▶ [Record extracts]:

━━━━

Lemma solve_congruence {m u r : int} :
  0 < m -> coprimez u m -> ~ (m %| r)%Z -> exists2 v, 0 < v < m & (m %| u * v - r)%Z.
Proof.
move=> m_gt0 /coprimezP[[x y] /= bezout] ndvd_r.
have m_neq0 : m != 0 by rewrite gt_eqF.
set q := (r * x %/ m)%Z; set v := (r * x %% m)%Z.
have vE : v = r * x - q * m by rewrite [r * x in RHS](divz_eq _ m) addrC addKr.
exists v; last first.
  apply/dvdzP; exists (- (u * q) - r * y).
  by rewrite -[r in LHS]mulr1 -bezout vE; ring.
have v_lt_m : v < m by rewrite -[m in v < m]gtr0_norm // ltz_mod.
rewrite v_lt_m andbT lt_def modz_ge0 // andbT.
apply/eqP => v0; apply: ndvd_r; apply/dvdzP; exists (q * u + r * y).
have rxE : r * x = q * m by apply/eqP; rewrite -subr_eq0 -vE v0.
rewrite -[r in LHS]mulr1 -bezout; transitivity (r * x * u + r * y * m); first by ring.
by rewrite rxE; ring.
Qed.

Definition admissible (p : nat) (u a1 a2 a3 al1 al2 al3 v : int) : Prop :=
  let n2 := u * v + a1 * al1 ^+ 2 + a2 * al2 ^+ 2 in
  let n3 := n2 + a3 * al3 ^+ 2 in
  [/\ 0 < v < (p ^ 2)%N%:Z, ~ repr_Zp p [:: a1; a2] n2,
      repr_Zp p [:: a1; a2; a3] n3 & ordp_le p n2 1 && ordp_le p n3 1].

Lemma admissible_swap (p : nat) (u a1 a2 a3 al1 al2 al3 v : int) :
  admissible p u a1 a2 a3 al1 al2 al3 v -> admissible p u a2 a1 a3 al2 al1 al3 v.
Proof.
rewrite /admissible [u * v + a2 * _ + _]addrAC.
by case=> v_bd n2_nrepr /repr_Zp_swap n3_repr ord_le; split=> // /repr_Zp_swap.
Qed.

Section AdmissibleShift.

Context {p : nat} (p_pr : prime p) (p_gt3 : (3 < p)%N).

Let p_gt2 : (2 < p)%N. Proof. exact: ltnW. Qed.
Let two_lt_p : (0 < 2 < p)%N. Proof. exact: p_gt2. Qed.
Let three_lt_p : (0 < 3 < p)%N. Proof. exact: p_gt3. Qed.

(* c = 2 is needed when t = 1, and then c^2 - t = 3: this is where p > 3 is
   used. *)
Lemma exists_unit_sqr_sub (t : int) :
  exists2 c : int, c%:~R != 0 :> 'F_p & (c ^+ 2 - t)%:~R != 0 :> 'F_p.
Proof.
have [tE|t_neq1] := eqVneq (t%:~R : 'F_p) 1; [exists 2 | exists 1].
- by rewrite rmorph_nat Fp_natr_neq0.
- rewrite rmorphB rmorphXn /= tE rmorph_nat (_ : 2%:R ^+ 2 - 1 = 3%:R); last by ring.
  exact: Fp_natr_neq0.
- by rewrite rmorph1 oner_neq0.
by rewrite rmorphB /= expr1n rmorph1 subr_eq0 eq_sym.
Qed.

Lemma exists_admissible_pdvd_a3 {u a1 a2 q : int} (al1 al2 al3 : int) :
  u%:~R != 0 :> 'F_p -> nonsquare (- (a1%:~R * a2%:~R : 'F_p)) -> q%:~R != 0 :> 'F_p ->
  exists v, admissible p u a1 a2 (q * p%:Z) al1 al2 al3 v.
Proof.
move=> u_neq0 nsq_12 q_neq0; set a3 := q * p%:Z.
have [c c_neq0 X_neq0] := exists_unit_sqr_sub (al3 ^+ 2).
set X := c ^+ 2 - al3 ^+ 2; set g := a1 * al1 ^+ 2 + a2 * al2 ^+ 2.
have ndvd_a3X : ~ ((p ^ 2)%N%:Z %| a3 * X)%Z.
  by rewrite /a3 mulrAC mulrC; apply: (sqr_ndvd_pmul p_pr); rewrite rmorphM mulf_neq0.
have ndvd_r : ~ ((p ^ 2)%N%:Z %| a3 * X - g)%Z.
  move=> dvd_r; apply: ndvd_a3X.
  have dvd_g : (p%:Z %| g)%Z.
    rewrite -[g](subKr (a3 * X)) rpredB //; last exact: dvdz_trans (dvdz_expn2 p) dvd_r.
    by rewrite /a3 mulrAC dvdz_mull.
  by rewrite -(subrK g (a3 * X)) rpredD // (binary_aniso_dvd p_pr nsq_12 dvd_g).
have u_cop : coprimez u (p ^ 2)%N%:Z.
  have : ~~ (p%:Z %| u)%Z by rewrite -Fp_intr_eq0.
  by rewrite dvdzE coprimezE /= => ndvd_u; rewrite coprimeXr // coprime_sym prime_coprime.
have p2_gt0 : 0 < (p ^ 2)%N%:Z by rewrite ltz_nat expn_gt0 prime_gt0.
(* n2 = a3 X and n3 = a3 c^2 modulo p^2 *)
have [v v_bd dvd_uv] := solve_congruence p2_gt0 u_cop ndvd_r.
exists v; rewrite /admissible; set n2 := u * v + _ + _.
have n2E : ((p ^ 2)%N%:Z %| n2 - a3 * X)%Z.
  by rewrite (_ : _ - _ = u * v - (a3 * X - g)) // /n2 /g; ring.
have ndvd_n2 : ~ ((p ^ 2)%N%:Z %| n2)%Z.
  by move=> dvd_n2; apply: ndvd_a3X; rewrite -[a3 * X](subKr n2) rpredB.
have n3E : ((p ^ 2)%N%:Z %| n2 + a3 * al3 ^+ 2 - p%:Z * q * c ^+ 2)%Z.
  by rewrite (_ : _ - _ = n2 - a3 * X) //; rewrite /a3 /X; ring.
have ndvd_n3 : ~ ((p ^ 2)%N%:Z %| n2 + a3 * al3 ^+ 2)%Z.
  move=> dvd_n3; have := rpredB dvd_n3 n3E; rewrite subKr -mulrA.
  by apply: (sqr_ndvd_pmul p_pr); rewrite rmorphM mulf_neq0 // rmorphXn expf_neq0.
split=> //.
- apply: (not_repr_pair_ord1 p_pr nsq_12 _ ndvd_n2).
  rewrite -[n2](subrK (a3 * X)) rpredD //; first exact: dvdz_trans (dvdz_expn2 p) n2E.
  by rewrite /a3 mulrAC dvdz_mull.
- do 2!apply: repr_Zp_cons; rewrite (_ : [:: a3] = [:: p%:Z * q]); last by rewrite /a3 mulrC.
  by apply: (repr_Zp_pmul p_pr p_gt2 _ n3E); rewrite rmorphM mulf_neq0.
by apply/andP; split; apply: (ordp_le1 p_pr).
Qed.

━━━━

▶ [What is needed]:
List all lines above in which the string "apply" appears.

▶ [Written answer]:
  apply/dvdzP; exists (- (u * q) - r * y).
apply/eqP => v0; apply: ndvd_r; apply/dvdzP; exists (q * u + r * y).
have rxE : r * x = q * m by apply/eqP; rewrite -subr_eq0 -vE v0.
  by rewrite /a3 mulrAC mulrC; apply: (sqr_ndvd_pmul p_pr); rewrite rmorphM mulf_neq0.
  move=> dvd_r; apply: ndvd_a3X.
  by move=> dvd_n2; apply: ndvd_a3X; rewrite -[a3 * X](subKr n2) rpredB.
  by apply: (sqr_ndvd_pmul p_pr); rewrite rmorphM mulf_neq0 // rmorphXn expf_neq0.
- apply: (not_repr_pair_ord1 p_pr nsq_12 _ ndvd_n2).
- do 2!apply: repr_Zp_cons; rewrite (_ : [:: a3] = [:: p%:Z * q]); last by rewrite /a3 mulrC.
  by apply: (repr_Zp_pmul p_pr p_gt2 _ n3E); rewrite rmorphM mulf_neq0.
by apply/andP; split; apply: (ordp_le1 p_pr).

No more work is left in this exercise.